I sat there on the donkey, appalled. “But, Rexh, you know that I must get to Scutari to-night. Tell them I have said it. I am of the American tribe, and what Americans say they will do, they do. To-night I get to Scutari!”
“Yes, Mrs. Lane. But one must not tell all one thinks. We will say nothing. We will see.”
When the council was ended we went on leisurely through the pass, and down into valleys, and up again over other mountains. At two o’clock we left behind the last glimpse of the wall of snow to the east, the last sight of the interior mountains of northern Albania, the most beautiful mountain country in the world. At three o’clock we saw, glimmering on the far-western horizon, the silvery edge of Lake Scutari, and far to the right, deep between two ranges, the valley of the tribe of Pultit, and the white house of the bishop, the tiniest of specks to my eyes; but the Albanians saw it plainly, and distinguished it from any other.

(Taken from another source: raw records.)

(* Let $F:\mathcal{W}\to\mathbb{R}$ be smooth. Let $\tilde x_t\in\mathcal{W}$, set $x^j_{t,0}=\tilde x_t$ and define $x^j_{t,k}=\mathrm{R}_{x^j_{t,k-1}}\big(-\alpha_{t,k-1}\mathcal{G}_F(x^j_{t,k-1})\big)$ for $k\ge1$, where $\alpha_{t,k-1}>0$ and $\mathcal{G}_F(x^j_{t,k-1})\in\mathrm{T}_{x^j_{t,k-1}}\mathcal{M}$ is an estimator of $\mathrm{grad}F(x^j_{t,k-1})$; assume all these points lie in $\mathcal{W}$. Then for every $k\ge1$, \[ \|\mathrm{R}_{\tilde x_t}^{-1}(x^j_{t,k})\|^2\le 2k\sum_{\tau=0}^{k-1}\alpha_{t,\tau}^2\big(C_2^2+\alpha_{t,\tau}^2C_3^2\|\mathcal{G}_F(x^j_{t,\tau})\|^2\big)\|\mathcal{G}_F(x^j_{t,\tau})\|^2 . \]
   Context: $\mathcal{M}$ is a Riemannian manifold with norm $\|\cdot\|$ on tangent spaces; $0_x$ is the zero of $\mathrm{T}_x\mathcal{M}$. $\mathrm{R}$ is a smooth retraction ($\mathrm{R}_x(0_x)=x$, $\mathrm{D}\mathrm{R}_x(0_x)=\mathrm{id}$). $\mathcal{W}\subseteq\mathcal{M}$ is a compact connected set that is totally retractive: there is $r>0$ such that for every $y\in\mathcal{W}$, $\mathcal{W}\subseteq\mathrm{R}_y(\mathbb{B}(0_y,r))$ and $\mathrm{R}_y$ is a diffeomorphism on $\mathbb{B}(0_y,r)$; so $\mathrm{R}_x^{-1}(y)$ is defined for $x,y\in\mathcal{W}$. For $x,y\in\mathcal{W}$ let $P_{x,y}=\mathrm{R}_y^{-1}\circ\mathrm{R}_x$ (a map from $\mathrm{R}_x^{-1}(\mathcal{W})\subseteq\mathrm{T}_x\mathcal{M}$ to $\mathrm{T}_y\mathcal{M}$). $C_2,C_3>0$ are constants (depending only on $\mathcal{M}$, $\mathrm{R}$, $\mathcal{W}$, obtained as uniform bounds on the first and second derivatives of $P_{x,y}$ on this compact domain) such that for all $x,y\in\mathcal{W}$ and all $\eta\in\mathrm{T}_x\mathcal{M}$ with $\mathrm{R}_x(\eta)\in\mathcal{W}$: $\|\mathrm{D}P_{x,y}(0_x)\|_{\mathrm{op}}\le C_2$ and $\|P_{x,y}(\eta)-P_{x,y}(0_x)-\mathrm{D}P_{x,y}(0_x)[\eta]\|\le C_3\|\eta\|^2$. *)

From HB Require Import structures.
From mathcomp Require Import all_boot all_order all_algebra.
From mathcomp Require Import all_classical all_reals all_analysis.
Set Implicit Arguments. Unset Strict Implicit. Unset Printing Implicit Defensive.
Import Order.TTheory GRing.Theory Num.Theory.
Import numFieldNormedType.Exports.
Local Open Scope ring_scope.
Local Open Scope classical_set_scope.

Definition Pmap (R : realType) (M : Type) (T : M -> normedModType R)
  (Rt : forall x : M, T x -> M) (Rinv : forall y : M, M -> T y)
  (x y : M) : T x -> T y := fun v => Rinv y (Rt x v).
Arguments Pmap {R M T} Rt Rinv x y.

(* The iterates x_{t,0} = x0, x_{t,k} = R_{x_{t,k-1}}(-alpha_{k-1} G_{k-1}(x_{t,k-1})).
   G k z is the gradient estimator used at step k, evaluated at the point z. *)
Fixpoint iterates (R : realType) (M : Type) (T : M -> normedModType R)
  (Rt : forall x : M, T x -> M) (alpha : nat -> R) (G : nat -> forall z : M, T z)
  (x0 : M) (k : nat) : M :=
  match k with
  | 0 => x0
  | k'.+1 => let z := iterates Rt alpha G x0 k' in Rt z (- (alpha k' *: G k' z))
  end.

Definition DPmap (R : realType) (M : Type) (T : M -> normedModType R)
  (Rt : forall x : M, T x -> M) (Rinv : forall y : M, M -> T y)
  (x y : M) : T x -> T y := let f := Pmap Rt Rinv x y in 'd f 0.
Arguments DPmap {R M T} Rt Rinv x y.

(** Since [R_x(0_x) = x], the displacement of one step, seen from [x~_t], is
    [P_{x,x~}(eta) - P_{x,x~}(0)] with [eta = -alpha G(x)], whose norm is at most
    [C2 |eta| + C3 |eta|^2] by the first-order expansion of [P].  Telescoping from
    [R^{-1}_{x~}(x~) = 0] bounds [|R^{-1}_{x~}(x_k)|] by the sum of the [k] step
    lengths; Cauchy-Schwarz and [(p + q)^2 <= 2 (p^2 + q^2)] give the square. *)
From HB Require Import structures.
From mathcomp Require Import all_boot all_order all_algebra.
From mathcomp Require Import all_classical all_reals all_analysis.
From mathcomp Require Import ring lra.
Import Order.TTheory GRing.Theory Num.Theory.
Import numFieldNormedType.Exports.
Local Open Scope ring_scope.
Local Open Scope classical_set_scope.

Lemma sqrrD_le2 {R : realFieldType} (x y : R) :
  (x + y) ^+ 2 <= 2 * (x ^+ 2 + y ^+ 2).
Proof. have := leif_mean_square x y; rewrite sqrrD; case=> + _; lra. Qed.

Lemma sqr_le_of_le_lin_quad {R : realFieldType} (a c2 c3 e : R) :
    0 <= c2 -> 0 <= c3 -> 0 <= e -> 0 <= a -> a <= c2 * e + c3 * e ^+ 2 ->
  a ^+ 2 <= 2 * e ^+ 2 * (c2 ^+ 2 + e ^+ 2 * c3 ^+ 2).
Proof.
move=> c2_ge0 c3_ge0 e_ge0 a_ge0 a_le.
rewrite (_ : _ * _ = 2 * ((c2 * e) ^+ 2 + (c3 * e ^+ 2) ^+ 2)); last by ring.
apply: le_trans (sqrrD_le2 _ _); rewrite ler_sqr ?nnegrE //.
by rewrite addr_ge0 ?mulr_ge0 ?exprn_ge0.
Qed.

Lemma sqr_sum_le {R : realFieldType} {n : nat} (a : 'I_n -> R) :
  (\sum_i a i) ^+ 2 <= n%:R * \sum_i a i ^+ 2.
Proof.
set Q := \sum_i a i ^+ 2.
have row_sum i : \sum_j (a i ^+ 2 + a j ^+ 2) / 2 = (n%:R * a i ^+ 2 + Q) / 2.
  by rewrite -mulr_suml big_split /= sumr_const card_ord mulr_natl.
rewrite expr2 mulr_suml.
apply: (le_trans (y := \sum_i \sum_j (a i ^+ 2 + a j ^+ 2) / 2)).
  apply: ler_sum => i _; rewrite mulr_sumr; apply: ler_sum => j _.
  by case: (leif_mean_square (a i) (a j)).
under eq_bigr => i _ do rewrite row_sum.
rewrite -mulr_suml big_split /= -mulr_sumr sumr_const card_ord -/Q.
lra.
Qed.

Lemma ler_norm_sub_telescope {R : numDomainType} {V : normedZmodType R}
    (v : nat -> V) (n : nat) :
  `|v n - v 0%N| <= \sum_(i < n) `|v i.+1 - v i|.
Proof. by rewrite -(telescope_sumr v (leq0n n)) big_mkord; exact: ler_norm_sum. Qed.

Section RetractionTransport.
Context {R : realType} {M : Type} {T : M -> normedModType R}.
Context {Rt : forall x : M, T x -> M} {Rinv : forall y : M, M -> T y}.
Context {W : set M} {C2 C3 : R}.
Hypothesis hR0 : forall x : M, Rt x 0 = x.
Hypothesis hD : forall x y : M, W x -> W y -> forall v : T x,
  `|DPmap Rt Rinv x y v| <= C2 * `|v|.
Hypothesis hRem : forall x y : M, W x -> W y -> forall eta : T x, W (Rt x eta) ->
  `|Pmap Rt Rinv x y eta - Pmap Rt Rinv x y 0 - DPmap Rt Rinv x y eta|
    <= C3 * `|eta| ^+ 2.

Lemma norm_Rinv_retr_sub {x y : M} {eta : T x} :
  W x -> W y -> W (Rt x eta) ->
  `|Rinv y (Rt x eta) - Rinv y x| <= C2 * `|eta| + C3 * `|eta| ^+ 2.
Proof.
move=> Wx Wy Wxeta.
set P := Pmap Rt Rinv x y; set L := DPmap Rt Rinv x y.
have -> : Rinv y (Rt x eta) - Rinv y x = L eta + (P eta - P 0 - L eta).
  by rewrite /P /Pmap hR0 [RHS]addrC subrK.
by apply: (le_trans (ler_normD _ _)); apply: lerD; [exact: hD | exact: hRem].
Qed.

End RetractionTransport.

Theorem lemma3 (R : realType) (M : Type) (T : M -> normedModType R)
  (Rt : forall x : M, T x -> M) (Rinv : forall y : M, M -> T y)
  (W : set M) (r C2 C3 : R)
  (* retraction: R_x(0_x) = x *)
  (hR0 : forall x : M, Rt x 0 = x)
  (* W totally retractive with radius r, Rinv the inverse of R_y on the ball *)
  (hr : 0 < r)
  (hWcov : forall y z : M, W y -> W z -> `|Rinv y z| < r /\ Rt y (Rinv y z) = z)
  (hRinvK : forall (y : M) (v : T y), W y -> `|v| < r -> Rinv y (Rt y v) = v)
  (hC2 : 0 < C2) (hC3 : 0 < C3)
  (hD : forall x y : M, W x -> W y -> forall v : T x,
      `|DPmap Rt Rinv x y v| <= C2 * `|v|)
  (hRem : forall x y : M, W x -> W y -> forall eta : T x, W (Rt x eta) ->
      `|Pmap Rt Rinv x y eta - Pmap Rt Rinv x y 0 - DPmap Rt Rinv x y eta|
        <= C3 * `|eta| ^+ 2)
  (xt : M) (alpha : nat -> R) (G : nat -> forall z : M, T z)
  (halpha : forall k, 0 < alpha k)
  (hin : forall k, W (iterates Rt alpha G xt k))
  (k : nat) (hk : (1 <= k)%N) :
  `|Rinv xt (iterates Rt alpha G xt k)| ^+ 2 <=
    2 * k%:R * \sum_(tau < k)
      (alpha tau ^+ 2 *
        (C2 ^+ 2 + alpha tau ^+ 2 * C3 ^+ 2 * `|G tau (iterates Rt alpha G xt tau)| ^+ 2)
       * `|G tau (iterates Rt alpha G xt tau)| ^+ 2).
Proof.
set z := iterates Rt alpha G xt; set g := fun n => `|G n (z n)|.
set v := fun n => Rinv xt (z n).
have zW m : W (z m) := hin m.
have xtW : W xt := hin 0%N.
have v0 : v 0%N = 0.
  by move: (hRinvK xt 0 xtW); rewrite normr0 hR0; apply.
have step n : `|v n.+1 - v n| <= C2 * (alpha n * g n) + C3 * (alpha n * g n) ^+ 2.
  set d := - (alpha n *: G n (z n)).
  have nd : `|d| = alpha n * g n by rewrite normrN normrZ gtr0_norm.
  rewrite -nd.
  exact (norm_Rinv_retr_sub hR0 hD hRem (zW n) xtW (zW n.+1)).
have step_sqr n : `|v n.+1 - v n| ^+ 2 <=
    2 * (alpha n ^+ 2 * (C2 ^+ 2 + alpha n ^+ 2 * C3 ^+ 2 * g n ^+ 2) * g n ^+ 2).
  have e0 : 0 <= alpha n * g n by rewrite mulr_ge0 ?normr_ge0 ?(ltW (halpha n)).
  rewrite [X in _ <= X](_ : _ = 2 * (alpha n * g n) ^+ 2 *
    (C2 ^+ 2 + (alpha n * g n) ^+ 2 * C3 ^+ 2)); last by ring.
  by apply: sqr_le_of_le_lin_quad; rewrite ?normr_ge0 ?step // ltW.
have v_le : `|v k| <= \sum_(i < k) `|v i.+1 - v i|.
  by rewrite -[v k]subr0 -v0; exact: (ler_norm_sub_telescope v k).
apply: le_trans (_ : (\sum_(i < k) `|v i.+1 - v i|) ^+ 2 <= _).
  by rewrite ler_sqr ?nnegrE ?normr_ge0 ?sumr_ge0.
apply: le_trans (sqr_sum_le (fun i : 'I_k => `|v i.+1 - v i|)) _.
rewrite -mulrA mulrCA ler_wpM2l // mulr_sumr.
by apply: ler_sum => i _; exact: step_sqr.
Qed.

At four o’clock we began the tremendous descent into the Kiri Valley and I was obliged to dismount. “The gendarme says he cannot hold the donkey by the tail here, Mrs. Lane. He is afraid the tail will break.”
And for two miles we swung downward bowlder by bowlder, exhausting travel to the arms and shoulders; but the mountain women came up that way with cradles on their backs. The mule made it by little leaps.
“Now the road is good,” said the Shala man, and, indeed, the two-foot path, no steeper anywhere than the steep trails on Tamalpais, seemed a boulevard to me. Only twenty miles more to Scutari! And I thought of getting off the clothes in which I had slept for three nights, and a shampoo shone before me like a bright star. Rexh had been borrowing trouble, I thought; there was still light on the western slopes and twenty miles was nothing to these people. And just as I was thinking this the byraktor halted.
“We will go this way, now,” he said, “to the village where we stay to-night.”
Why was it so necessary that I reach Scutari before I slept? I do not know. But the idea had become fixed, an obsession; I was irrational, for the moment a monomaniac. There was nothing I would not have sacrificed to satisfy that imperious desire.
“Tell the byraktor that I must get on to Scutari,” I said. “I am sick and must get quickly to a doctor. I cannot stay in any village to-night; I must be with my own people.”
“Yes, Mrs. Lane,” said Rexh, and, having talked for some time, he explained, “I have told him that you have had word from your father, who is the chief of your tribe, and that the word said you must go to Durazzo and take a boat to your own country.”